Information for Distributors

Solely for the purposes of the product governance requirements contained within: (a) EU Directive 2014/65/EU on markets in financial instruments, as amended ("MiFID II"); (b) Articles 9 and 10 of Commission Delegated Directive (EU) 2017/593 supplementing MiFID II; and (c) local implementing measures (together, the "MiFID II Product Governance Requirements"), and disclaiming all and any liability, whether arising in tort, contract or otherwise, which any "manufacturer" (for the purposes of the MiFID II Product Governance Requirements) may otherwise have with respect thereto, the New Ordinary Shares have been subject to a product approval process, which has determined that they are: (i) compatible with an end target market of retail investors and investors who meet the criteria of professional clients and eligible counterparties, each as defined in MiFID II; and (ii) eligible for distribution through all distribution channels as are permitted by MiFID II (the "Target Market Assessment"). Notwithstanding the Target Market Assessment, distributors should note that: the price of the New Ordinary Shares may decline and investors could lose all or part of their investment; the New Ordinary Shares offer no guaranteed income and no capital protection; and an investment in the New Ordinary Shares is compatible only with investors who do not need a guaranteed income or capital protection, who (either alone or in conjunction with an appropriate financial or other adviser) are capable of evaluating the merits and risks of such an investment and who have sufficient resources to be able to bear any losses that may result therefrom. The Target Market Assessment is without prejudice to the requirements of any contractual, legal or regulatory selling restrictions in relation to the Capital Raising.

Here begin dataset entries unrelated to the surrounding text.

(* There are absolute constants $c_4,c_5,C_6 > 0$ such that for all sufficiently small $a > 0$ the following hold (with $h$ and $G_a$ as in the context). First, $h(e^{2\pi i t}) \in G_a$ for all real $t$ with $|t| \le c_4a$. Second, $|h(e^{2\pi i t})| \le 1-c_5\frac{|t|}{\log^2(a^{-1})}$ for all $t \in [-\frac{1}{2},\frac{1}{2}]\setminus [-C_6a^{1/2},C_6a^{1/2}]$.
   Context: For $a>0$ let $r = a^{-1/2}$ (floor functions omitted, so $r$ is a positive integer). Let $r_* \in \{1,\dots,r\}$ be such that $\sum_{j=1}^{r_*} \frac{1}{\log^2(j+3)}-\sum_{j=r_*+1}^r \frac{1}{\log^2(j+3)} \in [20,21]$. Let $\epsilon_j = +1$ for $1 \le j \le r_*$ and $\epsilon_j = -1$ for $r_*+1 \le j \le r$. Let $\lambda_a>0$ be such that $\sum_{j=1}^r \frac{\lambda_a}{j^2\log^2(j+3)} = 1$ and set $d_j = \frac{\lambda_a}{j^2\log^2(j+3)}$. Define $\widetilde{h}(z) = \widetilde{\lambda}_a\sum_{j=1}^r \epsilon_j d_j z^j$, where $\widetilde{\lambda}_a>0$ is chosen so that $\widetilde{h}(1) = 1$, and $h(z) = (1-a^{10})\widetilde{h}(z)$. Let $\alpha = e^{ia}$, $\beta = e^{-ia}$, and $G_a = \{z \in \mathbb{C} : \arg(\frac{\alpha-z}{z-\beta}) \in (\frac{a}{2},a)\}$ (principal argument). $\log$ is the natural logarithm. *)

From Stdlib Require Import Reals.
From Coquelicot Require Import Coquelicot.
Open Scope R_scope.

Fixpoint sumR1 (f : nat -> R) (n : nat) : R :=
  match n with O => 0 | S m => sumR1 f m + f (S m) end.

Fixpoint sumC1 (f : nat -> C) (n : nat) : C :=
  match n with O => RtoC 0 | S m => Cplus (sumC1 f m) (f (S m)) end.

Definition r_of (a : R) : nat := Z.to_nat (Int_part (/ sqrt a)).

Definition cexpi (theta : R) : C := (cos theta, sin theta).

(* principal argument Arg w in (-PI, PI] (atan2); Arg 0 := 0 (irrelevant) *)
Definition Arg (w : C) : R :=
  let x := Re w in let y := Im w in
  match Rlt_dec 0 x with
  | left _ => atan (y / x)
  | right _ =>
    match Rlt_dec x 0 with
    | left _ => match Rle_dec 0 y with
                | left _ => atan (y / x) + PI
                | right _ => atan (y / x) - PI
                end
    | right _ =>
      match Rlt_dec 0 y with
      | left _ => PI / 2
      | right _ => match Rlt_dec y 0 with
                   | left _ => - (PI / 2)
                   | right _ => 0
                   end
      end
    end
  end.

Definition G (a : R) (z : C) : Prop :=
  z <> cexpi (- a) /\ z <> cexpi a /\
  a / 2 < Arg (Cdiv (Cminus (cexpi a) z) (Cminus z (cexpi (- a)))) < a.

Definition eps (rstar j : nat) : R := if Nat.leb j rstar then 1 else -1.

Definition dcoef (lam : R) (j : nat) : R := lam / (INR j ^ 2 * ln (INR j + 3) ^ 2).

Definition htilde (r rstar : nat) (lam tlam : R) (z : C) : C :=
  Cmult (RtoC tlam)
        (sumC1 (fun j => Cmult (RtoC (eps rstar j * dcoef lam j)) (Cpow z j)) r).

Definition hfun (a : R) (r rstar : nat) (lam tlam : R) (z : C) : C :=
  Cmult (RtoC (1 - a ^ 10)) (htilde r rstar lam tlam z).

From Stdlib Require Import Reals Lra Lia Psatz ZArith.
From Coquelicot Require Import Coquelicot.
Open Scope R_scope.

(* The d_j have
   total mass 1 and the signed mass is P = 1 - 2 N, where N = sum_{j > r_*} d_j. The balance
   condition on r_* forces r_* >= a^(-1/2) / 34, hence N = O(a^{1/2} / log^2 a), and tlam = 1 / P.

   Near th = 0 (|t| <= a / 1000), Taylor expansion with the second moment
   sum_j eps_j d_j j^2 in [20 lam, 21 lam] shows that the trigonometric sum has modulus at most
   P and real part P - O(th^2); so |h| < 1 and Re h >= 1 - a^2 / 250, which puts h in G_a
   because G_a contains every z with 0 < 1 - |z|^2 < 2 (Re z - cos a), and 1 - cos a ~ a^2 / 2.

   Away from th = 0 (|t| >= C a^{1/2}), some block of indices j of size ~ 1/|t| has
   cos((j - 1) th) <= 3/4 and carries mass >= |t| / (10 log^2 (1/a)). After rotating by
   e^{-i th}, this cancellation against the first coefficient d_1 >= 1/8 lowers the squared
   modulus by >= |t| / (160 log^2 (1/a)), which beats the loss 2 N due to the normalisation. *)

Lemma sumR1_ext f g n :
  (forall j, (1 <= j <= n)%nat -> f j = g j) -> sumR1 f n = sumR1 g n.
Proof.
  induction n as [|n IH]; intros H; simpl; auto.
  rewrite IH by (intros; apply H; lia). rewrite H by lia. reflexivity.
Qed.

Lemma sumR1_le f g n :
  (forall j, (1 <= j <= n)%nat -> f j <= g j) -> sumR1 f n <= sumR1 g n.
Proof.
  induction n as [|n IH]; intros H; simpl; [lra|].
  assert (sumR1 f n <= sumR1 g n) by (apply IH; intros; apply H; lia).
  assert (f (S n) <= g (S n)) by (apply H; lia).
  lra.
Qed.

Lemma sumR1_plus f g n : sumR1 (fun j => f j + g j) n = sumR1 f n + sumR1 g n.
Proof. induction n; simpl; [lra|]. rewrite IHn; lra. Qed.

Lemma sumR1_minus f g n : sumR1 (fun j => f j - g j) n = sumR1 f n - sumR1 g n.
Proof. induction n; simpl; [lra|]. rewrite IHn; lra. Qed.

Lemma sumR1_scal c f n : sumR1 (fun j => c * f j) n = c * sumR1 f n.
Proof. induction n; simpl; [lra|]. rewrite IHn; lra. Qed.

Lemma sumR1_const c n : sumR1 (fun _ => c) n = INR n * c.
Proof. induction n; cbn [sumR1]; [simpl; lra|]. rewrite IHn, S_INR; lra. Qed.

Lemma sumR1_nonneg f n :
  (forall j, (1 <= j <= n)%nat -> 0 <= f j) -> 0 <= sumR1 f n.
Proof.
  intros H. rewrite <- (Rmult_0_r (INR n)), <- sumR1_const. now apply sumR1_le.
Qed.

Lemma sumR1_triangle f n : Rabs (sumR1 f n) <= sumR1 (fun j => Rabs (f j)) n.
Proof.
  induction n; simpl; [rewrite Rabs_R0; lra|].
  eapply Rle_trans; [apply Rabs_triang|lra].
Qed.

For the avoidance of doubt, the Target Market Assessment does not constitute: (a) an assessment of suitability or appropriateness for the purposes of MiFID II; or (b) a recommendation to any investor or group of investors to invest in, or purchase, or take any other action whatsoever with respect to the New Ordinary Shares. Each distributor is responsible for undertaking its own target market assessment in respect of the New Ordinary Shares and determining appropriate distribution channels.